Lemma F_deriv x : a <= x <= b -> derivable_pt_lim F x (x ^ 2 * f' x).
Proof.
  intro Hx.
  pose proof (derivable_pt_lim_mult _ _ _ _ _ (derivable_pt_lim_pow x 2) (Hder x ltac:(lra)))
    as Hprod.
  pose proof (derivable_pt_lim_minus _ _ _ _ _ Hprod
                (derivable_pt_lim_scal _ 2 _ _ (HPrim x Hx))) as Hdiff.
  replace (x ^ 2 * f' x)
    with (INR 2 * x ^ Init.Nat.pred 2 * f x + x ^ 2 * f' x - 2 * (x * f x))
    by (simpl; ring).
  exact Hdiff.
Qed.

Let L1 := logmean (rpow a s1) (rpow b s1).
Let L2 := logmean (rpow a s2) (rpow b s2).
Let E := m * (L2 - rpow a s2) * Ma + (rpow b s2 - L2) * Mb.

Lemma exponents_pos : 0 < s1 /\ 0 < s2 /\ 0 < 1 / q < 1.
Proof.
  split; [unfold s1; apply Rdiv_lt_0_compat; lra |]. split; [unfold s2; lra |].
  split; [apply Rdiv_lt_0_compat; lra |].
  apply (Rmult_lt_reg_r q); [lra |]. unfold Rdiv. rewrite Rmult_assoc, Rinv_l; lra.
Qed.

Lemma L1_pos : 0 < L1.
Proof.
  destruct exponents_pos as [Hs1 _]. unfold L1. rewrite !rpow_pos_eq by lra.
  pose proof (logmean_Rpower_bounds a b s1 (conj Ha Hab) Hs1).
  pose proof (exp_pos (s1 * ln a)). unfold Rpower in *. lra.
Qed.

(* E is a combination of Ma and Mb with positive coefficients. *)
Lemma E_pos : 0 < Ma + Mb -> 0 < E.
Proof.
  intro HM. destruct exponents_pos as [_ [Hs2 _]].
  assert (HMa : 0 <= Ma) by apply rpow_ge0. assert (HMb : 0 <= Mb) by apply rpow_ge0.
  pose proof (logmean_Rpower_bounds a b s2 (conj Ha Hab) Hs2) as HL2.
  unfold E, L2. rewrite !rpow_pos_eq by lra.
  set (L := logmean (Rpower a s2) (Rpower b s2)) in *.
  assert (Hc1 : 0 < m * (L - Rpower a s2)) by (apply Rmult_lt_0_compat; lra).
  assert (Hc2 : 0 < Rpower b s2 - L) by lra.
  destruct (Rle_lt_or_eq_dec 0 Ma HMa) as [HMa' | <-].
  - pose proof (Rmult_lt_0_compat _ _ Hc1 HMa').
    pose proof (Rmult_le_pos _ _ (Rlt_le _ _ Hc2) HMb). lra.
  - pose proof (Rmult_lt_0_compat _ Mb Hc2 ltac:(lra)). lra.
Qed.
Lemma vp_prime_pow_mul p v m : nprime p -> ~ Nat.divide p m -> (1 <= m)%nat -> vp p (p ^ v * m) = v.
Proof.
  intros Hp Hm Hm1. pose proof (nprime_ge2 _ Hp). apply INR_eq. unfold vp. rewrite INR_sumN.
  pose proof (Nat.pow_gt_lin_r p v ltac:(lia)).
  rewrite <- (sumR_indicator_range v (p ^ v * m)) by nia.
  apply sumR_ext. intros a _. destruct (Nat.ltb 0 a); simpl; [|reflexivity].
  destruct (Nat.leb_spec a v) as [Hav|Hav].
  - rewrite (proj2 (eqb_mod_divide _ _)) by (apply prime_pow_divide_iff; auto). reflexivity.
  - rewrite eqb_mod_not_divide; [reflexivity|]. rewrite prime_pow_divide_iff; auto. lia.
Qed.

Lemma vp_not_divide p n : nprime p -> ~ Nat.divide p n -> (1 <= n)%nat -> vp p n = 0%nat.
Proof. intros. rewrite <- (Nat.mul_1_l n) at 1. apply (vp_prime_pow_mul p 0); auto. Qed.

Lemma vp_prime_pow p a : nprime p -> vp p (p ^ a) = a.
Proof.
  intros Hp. rewrite <- (Nat.mul_1_r (p ^ a)). apply vp_prime_pow_mul; auto.
  intros Hd. apply Nat.divide_1_r in Hd. apply nprime_ge2 in Hp. lia.
Qed.

Lemma vp_mul p m n : nprime p -> (1 <= m)%nat -> (1 <= n)%nat ->
  vp p (m * n) = (vp p m + vp p n)%nat.
Proof.
  intros Hp Hm Hn.
  destruct (factor_prime_out p m Hp Hm) as [u [m' [-> [Hm1 Hm2]]]].
  destruct (factor_prime_out p n Hp Hn) as [v [n' [-> [Hn1 Hn2]]]].
  replace (p ^ u * m' * (p ^ v * n'))%nat with (p ^ (u + v) * (m' * n'))%nat
    by (rewrite Nat.pow_add_r; lia).
  rewrite !vp_prime_pow_mul; auto; [|nia].
  intros Hd. destruct (nprime_divide_mul _ _ _ Hp Hd); auto.
Qed.

Lemma vp_lt p n : nprime p -> (1 <= n)%nat -> (n < p)%nat -> vp p n = 0%nat.
Proof. intros. apply vp_not_divide; auto. intros Hd. apply Nat.divide_pos_le in Hd; lia. Qed.

Lemma Lambda_prime_pow q e : nprime q -> (1 <= e)%nat -> Lambda (q ^ e) = ln (INR q).
Proof.
  intros Hq He. pose proof (nprime_ge2 _ Hq). pose proof (Nat.pow_gt_lin_r q e ltac:(lia)).
  unfold Lambda. rewrite (sumR_single _ _ q) by
    (try (apply pow_ge_base; lia); intros p _ Hp; apply sumR_eq0; intros m _;
     destruct (primeb p && Nat.ltb 0 m && Nat.eqb (p ^ m) (q ^ e)) eqn:E; auto;
     apply andb_prop in E as [E E3]; apply andb_prop in E as [E1 E2];
     apply primeb_true_iff in E1; apply Nat.ltb_lt in E2; apply Nat.eqb_eq in E3;
     destruct (prime_pow_inj p q m e); auto; lia).
  rewrite (sumR_single _ _ e) by
    (try lia; intros m _ Hm; destruct (primeb q && Nat.ltb 0 m && Nat.eqb (q ^ m) (q ^ e)) eqn:E; auto;
     apply andb_prop in E as [_ E]; apply Nat.eqb_eq, Nat.pow_inj_r in E; lia).
  replace (primeb q) with true by (symmetry; apply primeb_true_iff; auto).
  replace (Nat.ltb 0 e) with true by (symmetry; apply Nat.ltb_lt; lia).
  rewrite Nat.eqb_refl. reflexivity.
Qed.

Lemma Lambda_not_prime_pow n : ~ prime_power n -> Lambda n = 0.
Proof.
  intros Hn. unfold Lambda. apply sumR_eq0. intros p _. apply sumR_eq0. intros m _.
  destruct (primeb p && Nat.ltb 0 m && Nat.eqb (p ^ m) n) eqn:E; auto.
  apply andb_prop in E as [E E3]. apply andb_prop in E as [E1 E2].
  apply primeb_true_iff in E1. apply Nat.ltb_lt in E2. apply Nat.eqb_eq in E3.
  exfalso. apply Hn. exists p, m. split; [auto|split; lia].
Qed.

Lemma Omega_sumR n N : (1 <= n)%nat -> (n <= N)%nat ->
  INR (Omega n) = sumR (fun p => INR (if primeb p then vp p n else 0%nat)) N.
Proof.
  intros. unfold Omega. rewrite INR_sumN. symmetry. apply sumR_extend; auto.
  intros p Hp. destruct (primeb p) eqn:E; auto.
  apply primeb_true_iff in E. rewrite vp_lt; auto. lia.
Qed.

Lemma Omega_mul m n : (1 <= m)%nat -> (1 <= n)%nat -> Omega (m * n) = (Omega m + Omega n)%nat.
Proof.
  intros. apply INR_eq. rewrite plus_INR.
  rewrite (Omega_sumR (m * n) (m * n)), (Omega_sumR m (m * n)), (Omega_sumR n (m * n)),
    <- sumR_plus by nia.
  apply sumR_ext. intros p _. destruct (primeb p) eqn:E; simpl; [|lra].
  apply primeb_true_iff in E. rewrite vp_mul, plus_INR; auto.
Qed.

Lemma Omega_prime_pow q e : nprime q -> Omega (q ^ e) = e.
Proof.
  intros Hq. pose proof (nprime_ge2 _ Hq). pose proof (pow_ge1 q e ltac:(lia)). apply INR_eq.
  rewrite (Omega_sumR (q ^ e) (q ^ e)) by lia.
  destruct e as [|e]; [simpl; unfold sumR; simpl; lra|].
  rewrite (sumR_single _ _ q).
  - replace (primeb q) with true by (symmetry; apply primeb_true_iff; auto). rewrite vp_prime_pow; auto.
  - apply pow_ge_base; lia.
  - intros p _ Hp. destruct (primeb p) eqn:E; auto. apply primeb_true_iff in E.
    rewrite vp_not_divide; auto. intros Hd. apply Hp. eapply nprime_divide_prime_pow; eauto.
Qed.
● ● ● ● ● ● ●
TASK TO CARRY OUT ::
Your reply should hold only the lines from the first line of the records through the one with "intro HM. destruct", reproduced word for word.

SOLUTION ::
Lemma F_deriv x : a <= x <= b -> derivable_pt_lim F x (x ^ 2 * f' x).
Proof.
  intro Hx.
  pose proof (derivable_pt_lim_mult _ _ _ _ _ (derivable_pt_lim_pow x 2) (Hder x ltac:(lra)))
    as Hprod.
  pose proof (derivable_pt_lim_minus _ _ _ _ _ Hprod
                (derivable_pt_lim_scal _ 2 _ _ (HPrim x Hx))) as Hdiff.
  replace (x ^ 2 * f' x)
    with (INR 2 * x ^ Init.Nat.pred 2 * f x + x ^ 2 * f' x - 2 * (x * f x))
    by (simpl; ring).
  exact Hdiff.
Qed.

Let L1 := logmean (rpow a s1) (rpow b s1).
Let L2 := logmean (rpow a s2) (rpow b s2).
Let E := m * (L2 - rpow a s2) * Ma + (rpow b s2 - L2) * Mb.

Lemma exponents_pos : 0 < s1 /\ 0 < s2 /\ 0 < 1 / q < 1.
Proof.
  split; [unfold s1; apply Rdiv_lt_0_compat; lra |]. split; [unfold s2; lra |].
  split; [apply Rdiv_lt_0_compat; lra |].
  apply (Rmult_lt_reg_r q); [lra |]. unfold Rdiv. rewrite Rmult_assoc, Rinv_l; lra.
Qed.

Lemma L1_pos : 0 < L1.
Proof.
  destruct exponents_pos as [Hs1 _]. unfold L1. rewrite !rpow_pos_eq by lra.
  pose proof (logmean_Rpower_bounds a b s1 (conj Ha Hab) Hs1).
  pose proof (exp_pos (s1 * ln a)). unfold Rpower in *. lra.
Qed.

(* E is a combination of Ma and Mb with positive coefficients. *)
Lemma E_pos : 0 < Ma + Mb -> 0 < E.
Proof.
  intro HM. destruct exponents_pos as [_ [Hs2 _]].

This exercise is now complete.